2. Any parameter defined in the parameters dictionary in the Step
configuration file (see below).
3. Any input/output containers defined in the main Pipeline configuration
file (see below).
Clearly, STPipe stands on the shoulder of giants, among which NOAO NHPPS and
LSST pex_harness. As such it borrows features and ideas from its predecessors
quite heavily.
Requirements
STPipe uses the "ConfigObj" module together with the optional Validation code.
It also requires a reasonably recent version of Python, likely 2.5 or later.
Python or later can be obtained from http://www.python.org
ConfigObj can be found at http://www.voidspace.org.uk/python/configobj.html but
remember to download both configobj.py and validate.py or the .zip file which
contains both. Alternatively, download from PyPI (or by using easy_install).
Installation
Installation uses the standard python distutil module as detailed in the Python
web site: http://docs.python.org/install/index.html#install-index
Basically,
shell> python setup.py install
should suffice.
Configuration File Format
The Pipeline and Step definition files are written in INI format with some
extensions from ConfigObj (e.g. the use of '#' to indicate comments, string
interpolation etc.)
(see http://www.voidspace.org.uk/python/configobj.html#the-config-file-format).
Pipeline Definition File Structure
Required high level sections:
1. pipeline
Optional high level sections:
None
The pipeline section
Required keys:
1. name: the name of the Pipeline, can be anything and is only used in logs.
2. system: the name of the pipeline system. Again it can be anything and
is only used in logs to group pipelines together.
3. steps: a list of sections, each one defining a Step (see below).
Optional keys:
1. log_level: if present, it must be one of the log levels defined by the
Python logging module. It defaults to "DEBUG".
2. local_log_mode: if present and true, a log file is written to disk in the
local directory as <system>.<name>.log. If false, log messages are
written to STDOUT. It defaults to false.
Sections in the steps list (the section name is the name of the Pipeline Step it
is referring to)
Required keys:
1. config_file: the path to the Step configuration file (see below).

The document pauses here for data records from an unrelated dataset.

Lemma is_ML_unique n v x y : is_ML n v x -> is_ML n v y -> x = y.
Proof.
  intros [[t1 H1] U1] [[t2 H2] U2].
  apply Rle_antisym; [apply (U2 t1) | apply (U1 t2)]; assumption.
Qed.

Lemma is_ML_one v : (0 < v 0%nat)%nat -> is_ML 1 v (1/2).
Proof.
  intros Hv. apply lt_0_INR in Hv.
  apply (is_ML_intro _ _ (/ (2 * INR (v 0%nat)))).
  - apply min_at_of_eq; [lia |]. intros i Hi. replace i with 0%nat by lia.
    replace (/ (2 * INR (v 0%nat)) * INR (v 0%nat)) with (IZR 0 + 1/2) by (simpl; field; lra).
    apply dist_int_add_small; lra.
  - intros t. exists 0%nat. split; [lia | apply dist_int_bounds].
Qed.

Lemma S_set_1_iff x : S_set 1 x <-> x = 1/2.
Proof.
  split.
  - intros [v [Hpos HML]]. apply (is_ML_unique 1 v); [exact HML |].
    apply is_ML_one, Hpos; lia.
  - intros ->. exists (fun _ => 1%nat). split; [intros; lia |]. apply is_ML_one; lia.
Qed.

2. python_class: the fully qualified name of the Python class to instantiate
for the Step.
Optional keys:
1. input: a comma separated, list of strings enclosed in double quotes. Each
string is itself a comma separated two element list of variable name and
corresponding object class name. The object class name can be omitted if
type validation is not needed. The Step instance will have these instance
variables defined and pre-populated (from the Pipeline clipboard).
2. output: a comma separated, list of strings enclosed in double quotes.

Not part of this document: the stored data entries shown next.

Let dotz4 : dotf z f4 = al * N.
Proof.
rewrite dotfP sum_pair.
transitivity (\sum_a \sum_c Ysum a c * (al * Ysum a c + be * (a == c)%:R *+ k)).
  apply: eq_bigr => a _.
  transitivity (\sum_b \sum_c (\sum_i Y i a b * Y i c b) * Ysum a c).
    apply: eq_bigr => b _; rewrite sum_pair; apply: eq_bigr => c _.
    rewrite /z /f4 /=; under eq_bigr do rewrite mulrA.
    by rewrite sum_delta_l.
  rewrite exchange_big; apply: eq_bigr => c _.
  rewrite -mulr_suml exchange_big /= mulrC; congr (_ * _).
  under eq_bigr do rewrite YsqrE.
  by rewrite big_split /= -mulr_sumr -YsumE sumr_const card_ord.
under eq_bigr do under eq_bigr do rewrite mulrDr.
under eq_bigr do rewrite big_split /=.
rewrite big_split /=.
have -> : \sum_a \sum_c Ysum a c * (be * (a == c)%:R *+ k) = 0.
  transitivity ((\sum_a Ysum a a) * (be *+ k)); last by rewrite trYsum mul0r.
  rewrite mulr_suml; apply: eq_bigr => a _.
  transitivity (\sum_c Ysum a c * (be *+ k) * (a == c)%:R).
    by apply: eq_bigr => c _; rewrite !mulrnAr mulrnAl !mulr1 mulrnAC.
  by rewrite sum_delta_l.
rewrite addr0 /N /frob mulr_sumr; apply: eq_bigr => a _.
by rewrite mulr_sumr; apply: eq_bigr => c _; ring.
Qed.

Let dotzz : dotf z z = \sum_i \sum_j frob (Y i) (Y j) ^+ 2.
Proof.
rewrite dotfP /z /= (sum_sqr_gram_tr (fun i (x : T) => Y i x.1 x.2)).
by apply: eq_bigr => i _; apply: eq_bigr => j _; rewrite sum_pair.
Qed.

(* [(f1 + f2) / 2 - f3 / n] is the orthogonal projector onto traceless symmetric
   matrices, a space of dimension [(n^2 + n) / 2 - 1]; [f4] is orthogonal to it. *)
Lemma gram_sqr_lower_bound : (2 <= n)%N ->
  Q ^+ 2 / ((n%:R ^+ 2 + n%:R) / 2 - 1) + al ^+ 2 * N / n%:R <=
  \sum_i \sum_j frob (Y i) (Y j) ^+ 2.
Proof.
move=> n_ge2; set D := (_ / 2 - 1).
have n_gt0 : 0 < n%:R :> R by rewrite ltr0n; apply: leq_trans n_ge2.
have n_ge2' : 2 <= n%:R :> R by rewrite (ler_nat R 2 n).
have D_gt0 : 0 < D by rewrite /D; nra.
set a := Q / D; set b := al / n%:R.
pose X p := a / 2 * f1 p + a / 2 * f2 p + - (a / n%:R) * f3 p + b * f4 p.
have dotXl g : dotf X g =
    a / 2 * dotf f1 g + a / 2 * dotf f2 g + - (a / n%:R) * dotf f3 g + b * dotf f4 g.
  exact: dotf_comb4.
have dotXr g : dotf g X =
    a / 2 * dotf g f1 + a / 2 * dotf g f2 + - (a / n%:R) * dotf g f3 + b * dotf g f4.
  by rewrite dotfC dotXl !(dotfC g).
have := dotf_bessel z X; rewrite -dotzz; apply: le_trans.
rewrite dotXr dotXl !dotXr dotz1 dotz2 dotz3 dotz4.
rewrite !(dotfC f2 f1) !(dotfC f3 f1) !(dotfC f4 f1) !(dotfC f3 f2) !(dotfC f4 f2) !(dotfC f4 f3).
rewrite dot11 dot12 dot13 dot14 dot22 dot23 dot24 dot33 dot34 dot44.
rewrite le_eqVlt; apply/orP; left; apply/eqP.
rewrite /a /b /D; field.
by rewrite gt_eqF //=; apply/eqP; nra.
Qed.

Each string is itself a comma separated two element list of variable name
and corresponding object class name. The object class name can be omitted
if type validation is not needed. The Step instance will have these
instance variables defined but not pre-populated. It is the
responsibility of the Step code to assign values to them so that STPipe
can pass them to subsequent Steps can consume them.

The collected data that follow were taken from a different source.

(* Write an automorphism of the tree of depth n+1 as (a, b) σ^s with a, b in B_n acting
   on the two subtrees and σ the swap of the subtrees.  The maps (a, b) σ^s ↦ s and
   (a, b) σ^s ↦ ab B_n' are homomorphisms into abelian groups, and so is
   (a, b) σ^s ↦ sgn a on G_(n+1) for n ≥ 1, where sgn((a, b) σ^s) = sgn a sgn b.  Hence
   every element of G_(n+1)' is (x, y) with x, y even and xy in B_n'.  Conversely, with
   [u, v] = u^-1 v^-1 u v, if xy = [b, d] then (x, y) = [(1, b) σ, (d y^-1, d)]; by
   induction every element of B_n' is such a [b, d] with b in G_n, and the parities of
   x, y put both factors of the commutator in G_(n+1). *)

From mathcomp Require Import all_boot fingroup perm.
From mathcomp Require Import morphism quotient commutator.
Set Implicit Arguments. Unset Strict Implicit. Unset Printing Implicit Defensive.
Local Open Scope group_scope.

Section CommutatorKernel.
Variables (gT : finGroupType) (H : {group gT}).

Lemma der1_kerb (f : gT -> bool) :
  {in H &, {morph f : x y / x * y >-> x (+) y}} -> {in [~: H, H], forall w, f w = false}.
Proof.
move=> fM.
have f1 : f 1 = false by have := fM 1 1 (group1 H) (group1 H); rewrite mulg1 => /esym; case: (f 1).
have fV x : x \in H -> f x^-1 = f x.
  by move=> Hx; have := fM x x^-1 Hx (groupVr Hx); rewrite mulgV f1; case: (f x); case: (f x^-1).
have Kgrp : group_set [set x in H | ~~ f x].
  apply/group_setP; split=> [|x y]; first by rewrite inE group1 f1.
  by rewrite !inE => /andP [Hx fx] /andP [Hy fy]; rewrite groupM // fM // (negbTE fx) (negbTE fy).
suff sHK : [~: H, H] \subset Group Kgrp.
  by move=> w /(subsetP sHK); rewrite inE => /andP [_ /negbTE].
rewrite gen_subG; apply/subsetP => _ /imset2P [x y Hx Hy ->].
rewrite inE groupR //= /commg /conjg !fM ?groupM ?groupV // !fV //.
by case: (f x); case: (f y).
Qed.

Lemma der1_ker (rT : finGroupType) (f : gT -> rT) :
  {in H &, {morph f : x y / x * y}} -> {in H &, forall x y, commute (f x) (f y)} ->
  {in [~: H, H], forall w, f w = 1}.
Proof.
move=> fM fC w Rw; pose phi := Morphism fM.
have abH : abelian (phi @* H).
  by apply/centsP => _ /morphimP [x _ Hx ->] _ /morphimP [y _ Hy ->]; apply: fC.
have : phi w \in phi @* [~: H, H] by rewrite mem_morphim // (subsetP (der1_subG H)).
by rewrite morphimR // (commG1P abH) => /set1gP.
Qed.

End CommutatorKernel.

Section Wreath.
Variable n : nat.
Implicit Types (c s t : bool) (a b : {perm leaf n}) (x : leaf n).

Lemma leaf_eta (u : leaf n.+1) : u = cons_tuple (thead u) (behead_tuple u).
Proof. by apply: val_inj; case: u => [[|c s]]. Qed.

Lemma thead_cons c x : thead (cons_tuple c x) = c. Proof. by []. Qed.

Lemma behead_cons c x : behead_tuple (cons_tuple c x) = x. Proof. exact: val_inj. Qed.

Lemma leafS_ind (P : leaf n.+1 -> Prop) : (forall c x, P (cons_tuple c x)) -> forall u, P u.
Proof. by move=> Pcons u; rewrite [u]leaf_eta. Qed.

Lemma cons_leaf_inj c c' x x' : cons_tuple c x = cons_tuple c' x' -> c = c' /\ x = x'.
Proof. by move=> /(congr1 val) [-> /val_inj ->]. Qed.

Lemma perm_leafS_eq (p q : {perm leaf n.+1}) :
  (forall c x, p (cons_tuple c x) = q (cons_tuple c x)) -> p = q.
Proof. by move=> pq; apply/permP => u; rewrite [u]leaf_eta pq. Qed.

Definition wreath_fun s a b (u : leaf n.+1) : leaf n.+1 :=
  cons_tuple (thead u (+) s) ((if thead u then b else a) (behead_tuple u)).

Lemma wreath_fun_inj s a b : injective (wreath_fun s a b).
Proof.
move=> u v; rewrite [u]leaf_eta [v]leaf_eta /wreath_fun !thead_cons !behead_cons.
move=> /cons_leaf_inj [/addIb eq_hd]; rewrite eq_hd; case: (thead v) => /perm_inj -> //.
Qed.

(* The element (a, b) σ^s of B_(n+1) = (B_n × B_n) ⋊ <σ>, σ the swap of the two subtrees. *)
Definition wreath s a b : {perm leaf n.+1} := perm (@wreath_fun_inj s a b).

Lemma wreathE s a b c x :
  wreath s a b (cons_tuple c x) = cons_tuple (c (+) s) ((if c then b else a) x).
Proof. by rewrite permE /wreath_fun thead_cons behead_cons. Qed.

Lemma wreathM s a b t a' b' :
  wreath s a b * wreath t a' b' =
  wreath (s (+) t) (a * (if s then b' else a')) (b * (if s then a' else b')).
Proof.
apply: perm_leafS_eq => c x; rewrite permM !wreathE addbA; congr cons_tuple.
by case: c; case: s; rewrite /= permM.
Qed.

Lemma wreath1 : wreath false 1 1 = 1.
Proof. by apply: perm_leafS_eq => c x; rewrite wreathE perm1 addbF if_same perm1. Qed.

Lemma wreathV s a b :
  (wreath s a b)^-1 = wreath s (if s then b^-1 else a^-1) (if s then a^-1 else b^-1).
Proof.
by apply/eqP; rewrite eq_invg_mul wreathM addbb; case: s; rewrite /= !mulgV wreath1.
Qed.

Lemma wreath_inj s a b t a' b' : wreath s a b = wreath t a' b' -> [/\ s = t, a = a' & b = b'].
Proof.
move=> eqW.
have eqWE c x : cons_tuple (c (+) s) ((if c then b else a) x) =
                cons_tuple (c (+) t) ((if c then b' else a') x) by rewrite -!wreathE eqW.
have [st _] := cons_leaf_inj (eqWE false (nseq_tuple n false)).
split=> //; apply/permP => x.
  by have [_] := cons_leaf_inj (eqWE false x).
by have [_] := cons_leaf_inj (eqWE true x).
Qed.

End Wreath.

Lemma tree_autP n (p : {perm leaf n}) :
  reflect (forall (x y : leaf n) j, take j x = take j y -> take j (p x) = take j (p y))
          (tree_aut p).
Proof.
apply: (iffP forallP) => [autp x y j | autp x].
  have [le_jn | lt_nj] := leqP j n.
    move/eqP => eq_xy; apply/eqP.
    by have /implyP := forallP (forallP (autp x) y) (Ordinal (le_jn : j < n.+1)); apply.
  by rewrite !take_oversize ?size_tuple ?(ltnW lt_nj) // => /val_inj ->.
by apply/forallP => y; apply/forallP => j; apply/implyP => /eqP /autp /eqP.
Qed.

Lemma B_group n : group_set (B n).
Proof.
apply/group_setP; split=> [|p q]; first by rewrite inE; apply/tree_autP => x y j; rewrite !perm1.
rewrite !inE => /tree_autP autp /tree_autP autq; apply/tree_autP => x y j eq_xy.
by rewrite !permM; apply/autq/autp.
Qed.
Canonical B_groupType n := Group (B_group n).

Lemma tree_aut_take n (p : {perm leaf n}) x y j : p \in B n ->
  (take j (p x) == take j (p y)) = (take j x == take j y).
Proof.
move=> Bp; have BpV : p^-1 \in B n by rewrite groupV.
rewrite !inE in Bp BpV; move/tree_autP: Bp => autp; move/tree_autP: BpV => autpV.
apply/eqP/eqP => [|/autp //]; by move/autpV; rewrite !permK.
Qed.

Lemma take_cons n j c (x : leaf n) : take j.+1 (cons_tuple c x) = c :: take j x.
Proof. by []. Qed.

Lemma wreath_B n s (a b : {perm leaf n}) : a \in B n -> b \in B n -> wreath s a b \in B n.+1.
Proof.
rewrite !inE => /tree_autP auta /tree_autP autb.
apply/tree_autP => u v [|j]; first by rewrite !take0.
rewrite [u]leaf_eta [v]leaf_eta !wreathE !take_cons => -[-> eq_uv]; congr cons.
by case: (thead v); [apply: autb | apply: auta].
Qed.

Lemma B_wreath n (p : {perm leaf n.+1}) : p \in B n.+1 ->
  exists s a b, [/\ a \in B n, b \in B n & p = wreath s a b].
Proof.
move=> Bp.
have eq_hd c c' x y : (thead (p (cons_tuple c x)) == thead (p (cons_tuple c' y))) = (c == c').
  have := tree_aut_take (cons_tuple c x) (cons_tuple c' y) 1 Bp.
  rewrite [p (cons_tuple c x)]leaf_eta [p (cons_tuple c' y)]leaf_eta.
  by rewrite !take_cons !take0 !eqseq_cons !andbT.
pose s := thead (p (cons_tuple false (nseq_tuple n false))).
have hdE c x : thead (p (cons_tuple c x)) = c (+) s.
  apply/eqP; case: c; last by rewrite eq_hd.
  by move: (eq_hd true false x (nseq_tuple n false)); rewrite /s; case: (thead _); case: (thead _).
pose sec c x := behead_tuple (p (cons_tuple c x)).
have secE c x : p (cons_tuple c x) = cons_tuple (c (+) s) (sec c x) by rewrite [LHS]leaf_eta hdE.
have sec_inj c : injective (sec c).
  move=> x y eq_xy; suff /perm_inj/cons_leaf_inj[] : p (cons_tuple c x) = p (cons_tuple c y) by [].
  by rewrite !secE eq_xy.
have secB c : perm (sec_inj c) \in B n.
  rewrite inE; apply/tree_autP => x y j eq_xy; rewrite !permE.
  have := tree_aut_take (cons_tuple c x) (cons_tuple c y) j.+1 Bp.
  by rewrite !secE !take_cons !eqseq_cons !eqxx eq_xy eqxx => /eqP.
exists s, (perm (sec_inj false)), (perm (sec_inj true)); split=> //.
by apply: perm_leafS_eq => c x; rewrite wreathE secE; case: c; rewrite permE.
Qed.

Step Configuration File Structure
Required high level sections:
None
Optional high level sections:
1. parameters
The parameters section
Required keys:
None
Optional keys:
1. Parameter name = parameter value. The Step instance will have access to
parameters by name directly (i.e. as instance variables of the
appropriate type, accessed using the usual Python self. notation).